Keeping the Boss Happy

Keeping the Boss Happy

Last year I asked 23 leading CIOs in Australia and Great Britain what they would request if they found a magic wand. The most common response was a desire to complete straight away IS's foundation stones. These CIOs recognised that before they could maximise e-commerce opportunities they had to make sure their businesses were not built on technological sand. They had to address issues like systems integration, common operating environments, robust and flexible networks, data cleansing and information management. Most of these tasks were laborious with no immediate ROI. And therein lies the rub: the majority of these CIOs worked for an executive for whom instant gratification was not soon enough.

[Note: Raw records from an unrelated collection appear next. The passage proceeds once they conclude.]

(* Let $\lambda\vdash n$ with ${\rm aft}(\lambda)=k$. Then $f^\lambda\leq n^k/\sqrt{k!}$ and $f^\lambda\geq \binom{n-k}{k}$.
   Context: For $\lambda\vdash n$, ${\rm aft}(\lambda):=n-\max\{\lambda_1,\ell(\lambda)\}$, where $\ell(\lambda)$ is the number of nonzero parts. $f^\lambda$ denotes the number of standard Young tableaux of shape $\lambda$. *)

From HB Require Import structures.
From mathcomp Require Import all_boot all_order all_algebra.
Set Implicit Arguments. Unset Strict Implicit. Unset Printing Implicit Defensive.
Import Order.TTheory GRing.Theory Num.Theory.

Definition is_partition (n : nat) (la : seq nat) : bool :=
  [&& sorted geq la, all (fun p => 0 < p) la & sumn la == n].

Definition plength (la : seq nat) : nat := size la.
Definition part1 (la : seq nat) : nat := head 0 la.

Definition aft (la : seq nat) : nat := sumn la - maxn (part1 la) (plength la).

(* Cell (i, j) (row i, column j, 0-indexed) lies in the Young diagram of la. *)
Definition in_shape (la : seq nat) (i j : nat) : bool := j < nth 0 la i.

(* A standard Young tableau of shape la (|la| = N): a filling of the cells of
   the diagram (all of which have coordinates < N) by 1..N, each used once,
   strictly increasing along rows and down columns.  Cells outside the
   diagram carry the dummy value 0. *)
Arguments in_shape : clear implicits.
Definition is_syt (la : seq nat)
    (t : {ffun 'I_(sumn la) * 'I_(sumn la) -> 'I_(sumn la).+1}) : bool :=
  [&& [forall c : 'I_(sumn la) * 'I_(sumn la),
         (nat_of_ord (t c) != 0) == in_shape la c.1 c.2],
      [forall c : 'I_(sumn la) * 'I_(sumn la), forall d : 'I_(sumn la) * 'I_(sumn la),
         [&& in_shape la c.1 c.2, in_shape la d.1 d.2 & t c == t d] ==> (c == d)],
      [forall c : 'I_(sumn la) * 'I_(sumn la), forall d : 'I_(sumn la) * 'I_(sumn la),
         [&& in_shape la d.1 d.2, nat_of_ord c.1 == d.1 & nat_of_ord c.2 < d.2]
           ==> (nat_of_ord (t c) < t d)] &
      [forall c : 'I_(sumn la) * 'I_(sumn la), forall d : 'I_(sumn la) * 'I_(sumn la),
         [&& in_shape la d.1 d.2, nat_of_ord c.2 == d.2 & nat_of_ord c.1 < d.1]
           ==> (nat_of_ord (t c) < t d)]].

Arguments is_syt : clear implicits.
Definition nsyt (la : seq nat) : nat := #|[set t | is_syt la t]|.

From HB Require Import structures.
From mathcomp Require Import all_boot all_order all_algebra.
From mathcomp Require Import zify.
Set Implicit Arguments. Unset Strict Implicit. Unset Printing Implicit Defensive.

(* f^la counts the saturated chains from la down to the empty shape in
   Young's lattice.  The up and down operators satisfy DU = UD + 1, so the
   walks U^k D^k from the empty shape number k!; they contain the pairs of
   chains ending at any mu of size k, hence (f^mu)^2 <= k!.
   If la_1 >= ell(la), deleting the first row leaves a partition mu of size
   k = aft(la), and a tableau of shape la is determined by the set of its k
   entries outside the first row and by a tableau of shape mu, so
   f^la <= C(n, k) f^mu <= n^k / k! * sqrt(k!); the case of the first column
   is symmetric.  Removing from la the last cell of the first row or the last
   cell of the last row and applying Pascal's rule gives f^la >= C(la_1,
   n - la_1) by induction, and symmetrically f^la >= C(ell, n - ell). *)

(* Partitions are handled as sequences without trailing zeros, [trim0]
   restoring that normal form after a cell is removed. *)
Fixpoint trim0 (s : seq nat) : seq nat :=
  if s is x :: s' then
    let t := trim0 s' in if (t == [::]) && (x == 0) then [::] else x :: t
  else [::].

Definition trimmed (s : seq nat) := last 1 s != 0.

Lemma nth_trim0 s r : nth 0 (trim0 s) r = nth 0 s r.
Proof.
elim: s r => [|x s IH] r //=.
case: ifP => [/andP[/eqP e /eqP ->]|_]; last by case: r.
by case: r => [|r] //=; rewrite -IH e nth_nil.
Qed.

Lemma trimmed_trim0 s : trimmed (trim0 s).
Proof.
rewrite /trimmed; elim: s => [|x s IH] //=.
case: ifP => //= /negbT; rewrite negb_and.
by case: (trim0 s) IH.
Qed.

Lemma size_trim0 s : size (trim0 s) <= size s.
Proof. by elim: s => [|x s IH] //=; case: ifP => //= _; rewrite ltnS. Qed.

Lemma sumn_trim0 s : sumn (trim0 s) = sumn s.
Proof.
by elim: s => //= x s IH; case: ifP => /= [/andP[/eqP e /eqP ->]|_]; rewrite -IH ?e.
Qed.

Lemma trimmedE s : trimmed s = (size s == 0) || (0 < nth 0 s (size s).-1).
Proof. by case: s => //= x s; rewrite /trimmed /= (last_nth 0) lt0n. Qed.

Lemma eq_trimmed s t : trimmed s -> trimmed t ->
  (forall r, nth 0 s r = nth 0 t r) -> s = t.
Proof.
have size_le u v : trimmed u -> (forall r, nth 0 u r = nth 0 v r) -> size u <= size v.
  rewrite trimmedE => /orP[/eqP -> //|hu] huv.
  rewrite leqNgt; apply/negP => lt.
  by move: hu; rewrite huv nth_default //; case: (size u) lt.
move=> hs ht e; apply: (eq_from_nth (x0 := 0)) => [|r _]; last exact: e.
by apply/eqP; rewrite eqn_leq !size_le // => r; rewrite e.
Qed.

Lemma trimmed_behead s : trimmed s -> trimmed (behead s).
Proof. by case: s => //= x [|y s]. Qed.

Lemma nth_le_sumn (s : seq nat) j : nth 0 s j <= sumn s.
Proof.
elim: s j => [|x s IH] [|j] //=; first by rewrite leq_addr.
exact: leq_trans (IH j) (leq_addl _ _).
Qed.

Lemma sumn_nth_ord (s : seq nat) m : size s <= m -> sumn s = \sum_(r < m) nth 0 s r.
Proof.
move=> h; rewrite -(big_mkord xpredT (fun r => nth 0 s r)) sumnE (big_nth 0).
rewrite /index_iota !subn0 -(subnKC h) iotaD big_cat /= [X in _ = _ + X]big1_seq ?addn0 //.
by move=> i /andP[_]; rewrite mem_iota => /andP[hi _]; rewrite nth_default //; lia.
Qed.

Definition is_part (s : seq nat) := (forall r, nth 0 s r.+1 <= nth 0 s r) /\ trimmed s.

Lemma is_part_nil : is_part [::].
Proof. by split => // r; rewrite nth_nil. Qed.

Lemma nth_part_mono s a b : is_part s -> a <= b -> nth 0 s b <= nth 0 s a.
Proof.
move=> [d _] /subnK <-; elim: (b - a) => [|m IH] //=.
by rewrite addSn; apply: leq_trans (d _) IH.
Qed.

Lemma size_part_gt s r : is_part s -> (r < size s) = (0 < nth 0 s r).
Proof.
move=> ps; case: (ltnP r (size s)) => h; last by rewrite nth_default.
have [_] := ps; rewrite trimmedE; case: (size s) h => // m h /= pos.
by apply/esym; apply: leq_trans pos (nth_part_mono ps _); lia.
Qed.

Lemma all_part_gt0 s : is_part s -> all (fun x => 0 < x) s.
Proof. by move=> ps; apply/(all_nthP 0) => i hi; rewrite -size_part_gt. Qed.

Lemma size_le_sumn (s : seq nat) : all (fun x => 0 < x) s -> size s <= sumn s.
Proof. by elim: s => //= x s IH /andP[hx /IH]; lia. Qed.

Lemma part_sumn0 s : is_part s -> sumn s = 0 -> s = [::].
Proof. by case: s => // a s ps; have := size_part_gt 0 ps; rewrite /=; lia. Qed.

Lemma is_part_behead s : is_part s -> is_part (behead s).
Proof.
by move=> [d l]; split; [move=> r; rewrite !nth_behead | exact: trimmed_behead].
Qed.

Lemma is_partition_part n la : is_partition n la -> is_part la.
Proof.
move=> /and3P[so po _]; split.
  move=> r; case: (ltnP r.+1 (size la)) => h; last by rewrite (nth_default 0 h).
  apply: (@sorted_leq_nth _ geq (fun y x z h1 h2 => leq_trans h2 h1) leqnn 0 la so);
  rewrite ?inE //; lia.
case: la so po => //= x s _ /andP[px ps]; rewrite /trimmed /= -lt0n.
by have := mem_last x s; rewrite inE => /orP[/eqP -> //|]; move/allP: ps; apply.
Qed.

Definition addable (s : seq nat) i := (i == 0) || (nth 0 s i < nth 0 s i.-1).
Definition removable (s : seq nat) j := nth 0 s j.+1 < nth 0 s j.
Definition remove_cell s j := trim0 (set_nth 0 s j (nth 0 s j).-1).

Lemma removable_size v j : is_part v -> removable v j -> j < size v.
Proof. by move=> pv; rewrite size_part_gt // /removable; lia. Qed.

Lemma removable_sumn v j : removable v j -> 0 < sumn v.
Proof. by rewrite /removable => rj; apply: leq_trans (nth_le_sumn v j); lia. Qed.

Lemma big_removable_sumn0 v m (F : 'I_m -> nat) : sumn v = 0 ->
  \sum_(j < m | removable v j) F j = 0.
Proof. by move=> h; rewrite big1 // => j /removable_sumn; rewrite h. Qed.

Lemma nth_remove_cell s j r : nth 0 (remove_cell s j) r = nth 0 s r - (r == j).
Proof.
rewrite /remove_cell nth_trim0 nth_set_nth /=.
by case: eqP => [->|_]; rewrite ?subn0 //; lia.
Qed.

Lemma nth_incr_nthr s i r : nth 0 (incr_nth s i) r = nth 0 s r + (r == i).
Proof. by rewrite nth_incr_nth addnC eq_sym. Qed.

Lemma size_remove_cell s j : size (remove_cell s j) <= maxn j.+1 (size s).
Proof. by rewrite /remove_cell (leq_trans (size_trim0 _)) // size_set_nth. Qed.

Lemma size_incr_nth_le s i : size (incr_nth s i) <= maxn i.+1 (size s).
Proof. by rewrite size_incr_nth; case: ifP; lia. Qed.

Lemma sumn_remove_cell v j : removable v j -> sumn (remove_cell v j) = (sumn v).-1.
Proof.
rewrite /removable /remove_cell sumn_trim0 sumn_set_nth0 => h.
by have := nth_le_sumn v j; lia.
Qed.

Lemma trimmed_incr_nth s i : trimmed s -> addable s i -> trimmed (incr_nth s i).
Proof.
rewrite !trimmedE size_incr_nth /addable nth_incr_nthr.
case: (ltnP i (size s)) => hi.
  by move=> /orP[/eqP|] h; [lia | move=> _; apply/orP; right; lia].
move=> _ /orP[/eqP i0|]; first by subst i; case: s hi.
case: (ltnP (size s) i) => hs; first by rewrite !nth_default //; lia.
have -> : i = size s by lia.
by rewrite /= eqxx; lia.
Qed.

Lemma is_part_incr_nth s i : is_part s -> addable s i -> is_part (incr_nth s i).
Proof.
move=> [d l] a; split; last exact: trimmed_incr_nth.
move=> r; rewrite !nth_incr_nthr; move: a (d r); rewrite /addable.
by case: (eqVneq r.+1 i) => [<-|_] /=; [lia | case: (r == i); lia].
Qed.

CIOs know they have to get runs on the board while working on these foundation stones. The common tactic is to look for quick win activities. These build kudos for IS in the executive suite, while giving the CIO "breathing space" to work on long-term infrastructure challenges. Unfortunately, this can be easier said than done. CEOs aren't always the best at communicating their needs to IS. What then are CEOs' priorities?

Two recent research reports provide some insights. The operational benchmarking organisation, Compass Analysis, through the London Business School, recently interviewed 400 CEOs around the world regarding their thinking about IT and business strategy. In addition, the executive recruitment firm Heidrick and Struggles surveyed 656 CEOs for insights into the top three marketplace and management issues on their agenda over the next year.

Both highlighted concerns that CEOs had with marketplace competition and mergers and acquisitions. IT, and e-commerce in particular, were seen as important. Internally, the CEOs' focus was on customer retention and reducing costs. However, the Compass study revealed a major challenge for CIOs: around 75 per cent of CEOs indicated they were not very comfortable either using IT or in understanding its business potential. This seems to indicate that CIOs are dealing with a customer who has high hopes but limited understanding of the challenges of getting there.

This may then explain the dichotomy between where CEOs and CIOs think IS can contribute to the organisation's competitive advantage. CEOs spoke about IS needing to build CRM systems and implement technology more rapidly. CIOs believe they need to focus more on improving the organisation's IS infrastructure. While better customer care and responsiveness are high on their agenda, it appears that business may not appreciate it needs to walk before it can run with IS.